For this exercise, output the line containing "Lemma wdotZl mu" and every line after it through the end of the records, exactly, and no other line.

## [Material for this exercise]
┄┄┄┄┄┄┄┄┄┄

(* For $i=1,\dots,n$ let $X_i$ be a finite set with $|X_i|=m_i$, and let $P_i$ be an irreducible stochastic matrix on $X_i$ in detailed balance with a strictly positive probability measure $\sigma_i$. Let $\{1,\dots,n\}=C\sqcup N$ be a partition with $N\ne\emptyset$, $i_1=\min N$, let $p^0_1,\dots,p^0_n>0$ sum to $1$, and assume $P_k$ is symmetric for every $k>i_1$. Let $P$ be the first crested product (see context), acting on $L(X_1\times\cdots\times X_n)\cong L(X_1)\otimes\cdots\otimes L(X_n)$. For each $i$ let $L(X_i)=\bigoplus_{j=0}^{r_i}V^i_j$ be the decomposition into eigenspaces of $P_i$, where $V^i_j$ has eigenvalue $\lambda^i_j$, $\lambda^i_0=1$ and $V^i_0$ is the space of constant functions. Then: (a) for each $k\in\{i_1+1,\dots,n\}$, each $j_k\in\{1,\dots,r_k\}$ and each choice of $j_i\in\{0,\dots,r_i\}$ for $i\in C$, $i<k$, every function in $$W^1\otimes\cdots\otimes W^{k-1}\otimes V^k_{j_k}\otimes V^{k+1}_0\otimes\cdots\otimes V^n_0,\qquad W^i=\begin{cases}L(X_i),& i\in N,\\ V^i_{j_i},& i\in C,\end{cases}$$ is an eigenvector of $P$ with eigenvalue $\sum_{i\in C,\,i<k}p^0_i\lambda^i_{j_i}+p^0_k\lambda^k_{j_k}+\sum_{i>k}p^0_i$; (b) for each choice of $j_t\in\{0,\dots,r_t\}$, $t=1,\dots,i_1$, every function in $V^1_{j_1}\otimes\cdots\otimes V^{i_1}_{j_{i_1}}\otimes V^{i_1+1}_0\otimes\cdots\otimes V^n_0$ is an eigenvector of $P$ with eigenvalue $\sum_{i=1}^{i_1}p^0_i\lambda^i_{j_i}+\sum_{i=i_1+1}^np^0_i$; and $L(X_1\times\cdots\times X_n)$ is the direct sum of all the subspaces listed in (a) and (b).
   Context: The first crested product is the stochastic matrix $$P=\sum_{i\in C}p^0_i\,(I_1\otimes\cdots\otimes I_{i-1}\otimes P_i\otimes I_{i+1}\otimes\cdots\otimes I_n)+\sum_{i\in N}p^0_i\,(I_1\otimes\cdots\otimes I_{i-1}\otimes P_i\otimes J_{i+1}\otimes\cdots\otimes J_n),$$ where $I_i$ is the identity on $X_i$ and $J_i$ the $m_i\times m_i$ matrix with all entries $1/m_i$; i.e. $p(x,y)=\sum_{i\in C}p^0_i(\prod_{j\ne i}\delta(x_j,y_j))p_i(x_i,y_i)+\sum_{i\in N}p^0_i(\prod_{j<i}\delta(x_j,y_j))p_i(x_i,y_i)/\prod_{j>i}m_j$. It acts on functions by $(Pf)(x)=\sum_y p(x,y)f(y)$. $L(Z)$ denotes the space of complex functions on $Z$, and $(f_1\otimes\cdots\otimes f_n)(x_1,\dots,x_n)=f_1(x_1)\cdots f_n(x_n)$. Detailed balance: $\sigma_i(x)p_i(x,y)=\sigma_i(y)p_i(y,x)$. *)

(* Scalars: an arbitrary numClosedFieldType C (e.g. algC or
   complex R); "0 <= x" in C forces x to be real nonnegative. *)
From HB Require Import structures.
From mathcomp Require Import all_boot all_order all_algebra.
Set Implicit Arguments. Unset Strict Implicit. Unset Printing Implicit Defensive.
Import Order.TTheory GRing.Theory Num.Theory.
Local Open Scope ring_scope.

Section CrestedDefs.
Variable C : numClosedFieldType.

Definition stochastic (m : nat) (P : 'M[C]_m) : Prop :=
  (forall x y, 0 <= P x y) /\ (forall x, \sum_y P x y = 1).

Definition irreducible (m : nat) (P : 'M[C]_m) : Prop :=
  forall x y : 'I_m, exists k : nat, 0 < (P ^+ k) x y.

Definition strictly_positive_prob (m : nat) (s : 'I_m -> C) : Prop :=
  (forall x, 0 < s x) /\ \sum_x s x = 1.

Definition detailed_balance (m : nat) (P : 'M[C]_m) (s : 'I_m -> C) : Prop :=
  forall x y, s x * P x y = s y * P y x.

Definition mx_act (m : nat) (P : 'M[C]_m) (f : {ffun 'I_m -> C}) : {ffun 'I_m -> C} :=
  [ffun x => \sum_y P x y * f y].

Definition fscale (T : finType) (mu : C) (f : {ffun T -> C}) : {ffun T -> C} :=
  [ffun x => mu * f x].

Definition is_eigenvalue (m : nat) (P : 'M[C]_m) (mu : C) : Prop :=
  exists f : {ffun 'I_m -> C}, f != 0 /\ mx_act P f = fscale mu f.

Definition eigsp (m : nat) (P : 'M[C]_m) (mu : C) : {ffun 'I_m -> C} -> Prop :=
  fun f => mx_act P f = fscale mu f.

Variables (n : nat) (m : 'I_n -> nat).

Definition prodT := {dffun forall i : 'I_n, 'I_(m i)}.

(* first crested product kernel p(x,y); C-part indexed by inC, N = complement *)
Definition crested (inC : pred 'I_n) (p0 : 'I_n -> C)
    (P : forall i : 'I_n, 'M[C]_(m i)) (x y : prodT) : C :=
  \sum_(i : 'I_n | inC i) p0 i * (\prod_(j : 'I_n | j != i) ((x j == y j)%:R : C)) * P i (x i) (y i)
  + \sum_(i | ~~ inC i) p0 i * (\prod_(j : 'I_n | (j < i)%N) ((x j == y j)%:R : C))
                        * P i (x i) (y i) / (\prod_(j : 'I_n | (i < j)%N) ((m j)%:R : C)).

Definition crested_act (inC : pred 'I_n) (p0 : 'I_n -> C)
    (P : forall i : 'I_n, 'M[C]_(m i)) (f : {ffun prodT -> C}) : {ffun prodT -> C} :=
  [ffun x : prodT => \sum_(y : prodT) crested inC p0 P x y * f y].

Definition tensor (g : forall i : 'I_n, {ffun 'I_(m i) -> C}) : {ffun prodT -> C} :=
  [ffun x : prodT => \prod_i g i (x i)].

(* W^1 (x) ... (x) W^n inside L(X_1 x ... x X_n): the span of the elementary
   tensors g_1 (x) ... (x) g_n with g_i in W^i (finite sums suffice since each
   W^i is a subspace, so scalars can be absorbed in a factor). *)
Definition tensp (W : forall i : 'I_n, {ffun 'I_(m i) -> C} -> Prop) :
    {ffun prodT -> C} -> Prop :=
  fun f => exists (k : nat) (g : 'I_k -> forall i : 'I_n, {ffun 'I_(m i) -> C}),
    (forall l i, W i (g l i)) /\ f = \sum_l tensor (g l).

End CrestedDefs.

Definition dirsum (V : zmodType) (I : finType) (Q : pred I) (S : I -> V -> Prop) : Prop :=
  (forall f : V, exists g : I -> V, (forall a, Q a -> S a (g a)) /\ f = \sum_(a | Q a) g a)
  /\ (forall g : I -> V, (forall a, Q a -> S a (g a)) ->
        \sum_(a | Q a) g a = 0 -> forall a, Q a -> g a = 0).

Section Indices.
Variables (C : numClosedFieldType) (n : nat) (m : 'I_n -> nat) (r : 'I_n -> nat).
Variables (P : forall i : 'I_n, 'M[C]_(m i)) (lam : forall i : 'I_n, 'I_(r i).+1 -> C).
Variables (inC : pred 'I_n) (i1 : 'I_n) (p0 : 'I_n -> C).

Definition choiceT := {dffun forall i : 'I_n, 'I_(r i).+1}.

Definition Vsp (i : 'I_n) (j : 'I_(r i).+1) := eigsp (P i) (lam j).

Definition WA (k : 'I_n) (j : choiceT) (i : 'I_n) : {ffun 'I_(m i) -> C} -> Prop :=
  if (i < k)%N then (if inC i then Vsp (j i) else fun _ => True)
  else if i == k then Vsp (j i) else Vsp (ord0 : 'I_(r i).+1).

(* indices for (a): i1 < k, j_k <> 0, and only j_i (i in C, i < k) and j_k used *)
Definition goodA (k : 'I_n) (j : choiceT) : bool :=
  [&& (i1 < k)%N, j k != ord0 &
      [forall i, (j i != ord0) ==> ((inC i && (i < k)%N) || (i == k))]].

Definition muA (k : 'I_n) (j : choiceT) : C :=
  \sum_(i : 'I_n | inC i && (i < k)%N) p0 i * lam (j i) + p0 k * lam (j k)
  + \sum_(i : 'I_n | (k < i)%N) p0 i.

Definition WB (j : choiceT) (i : 'I_n) : {ffun 'I_(m i) -> C} -> Prop :=
  if (i <= i1)%N then Vsp (j i) else Vsp (ord0 : 'I_(r i).+1).

Definition goodB (j : choiceT) : bool := [forall i, (j i != ord0) ==> (i <= i1)%N].

Definition muB (j : choiceT) : C :=
  \sum_(i : 'I_n | (i <= i1)%N) p0 i * lam (j i) + \sum_(i : 'I_n | (i1 < i)%N) p0 i.

Definition goodAB (a : ('I_n * choiceT) + choiceT) : bool :=
  match a with inl kj => goodA kj.1 kj.2 | inr j => goodB j end.

Definition spAB (a : ('I_n * choiceT) + choiceT) : {ffun prodT m -> C} -> Prop :=
  match a with inl kj => tensp (WA kj.1 kj.2) | inr j => tensp (WB j) end.

End Indices.

(* Each [P_i] is self-adjoint for the inner product weighted by [sigma_i], so it is
   diagonalisable with orthogonal eigenspaces; its eigenvalue-1 eigenfunctions are
   constant (irreducibility), and for [k > i1] the symmetric [P_k] has column sums 1, so
   its other eigenfunctions have mean zero. On an elementary tensor [g_1 (x) ... (x) g_n]
   the [i]-th summand of [P] applies [P_i] to [g_i] and either keeps the other factors or,
   for [i] in [N], averages the factors after [i]. For factors taken from the listed
   eigenspaces these averages either reproduce a constant factor or vanish because a later
   factor has mean zero, which yields the eigenvalues. Two listed subspaces differ at some
   coordinate where they lie in distinct eigenspaces of [P_i], so they are orthogonal for
   the product weight; and they span, because expanding every factor of a tensor of
   indicator functions along the eigenspaces gives tensors of eigenfunctions, each lying in
   one of the listed subspaces. *)

From HB Require Import structures.
From mathcomp Require Import all_boot all_order all_algebra.
From mathcomp Require Import sesquilinear spectral ring.
Set Implicit Arguments. Unset Strict Implicit. Unset Printing Implicit Defensive.
Import Order.TTheory GRing.Theory Num.Theory.
Local Open Scope ring_scope.

Section EigenSpace.
Variables (C : numClosedFieldType) (m : nat) (P : 'M[C]_m) (mu : C).

Lemma eigsp0 : eigsp P mu 0.
Proof. by apply/ffunP => x; rewrite !ffunE big1 ?mulr0 // => y _; rewrite ffunE mulr0. Qed.

Lemma eigspD f g : eigsp P mu f -> eigsp P mu g -> eigsp P mu (f + g).
Proof.
move=> /ffunP Pf /ffunP Pg; apply/ffunP => x; move: (Pf x) (Pg x).
rewrite !ffunE mulrDr => <- <-; rewrite -big_split; apply: eq_bigr => y _.
by rewrite ffunE mulrDr.
Qed.

Lemma eigspZ c f : eigsp P mu f -> eigsp P mu (fscale c f).
Proof.
move=> /ffunP Pf; apply/ffunP => x; move: (Pf x); rewrite !ffunE => Pfx.
rewrite mulrCA -Pfx mulr_sumr; apply: eq_bigr => y _; rewrite ffunE; ring.
Qed.

Lemma eigsp_sum (I : finType) (Q : pred I) (F : I -> {ffun 'I_m -> C}) :
  (forall i, Q i -> eigsp P mu (F i)) -> eigsp P mu (\sum_(i | Q i) F i).
Proof. by apply: big_ind; [exact: eigsp0 | exact: eigspD]. Qed.

End EigenSpace.

Lemma fscale_sum (C : numClosedFieldType) (T I : finType) (mu : C) (Q : pred I)
    (F : I -> {ffun T -> C}) :
  fscale mu (\sum_(l | Q l) F l) = \sum_(l | Q l) fscale mu (F l).
Proof.
apply/ffunP => x; rewrite ffunE !sum_ffunE mulr_sumr.
by apply: eq_bigr => l _; rewrite ffunE.
Qed.

Section WeightedDot.
Variables (C : numClosedFieldType) (T : finType) (w : T -> C).

Definition wdot (f g : {ffun T -> C}) : C := \sum_x w x * f x * (g x)^*.

Lemma wdotZl mu f g : wdot (fscale mu f) g = mu * wdot f g.
Proof. by rewrite /wdot mulr_sumr; apply: eq_bigr => x _; rewrite ffunE; ring. Qed.

Lemma wdotZr mu f g : wdot f (fscale mu g) = mu^* * wdot f g.
Proof.
by rewrite /wdot mulr_sumr; apply: eq_bigr => x _; rewrite ffunE rmorphM; ring.
Qed.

┄┄┄┄┄┄┄┄┄┄

## [Result of this exercise]
Lemma wdotZl mu f g : wdot (fscale mu f) g = mu * wdot f g.
Proof. by rewrite /wdot mulr_sumr; apply: eq_bigr => x _; rewrite ffunE; ring. Qed.

Lemma wdotZr mu f g : wdot f (fscale mu g) = mu^* * wdot f g.
Proof.
by rewrite /wdot mulr_sumr; apply: eq_bigr => x _; rewrite ffunE rmorphM; ring.
Qed.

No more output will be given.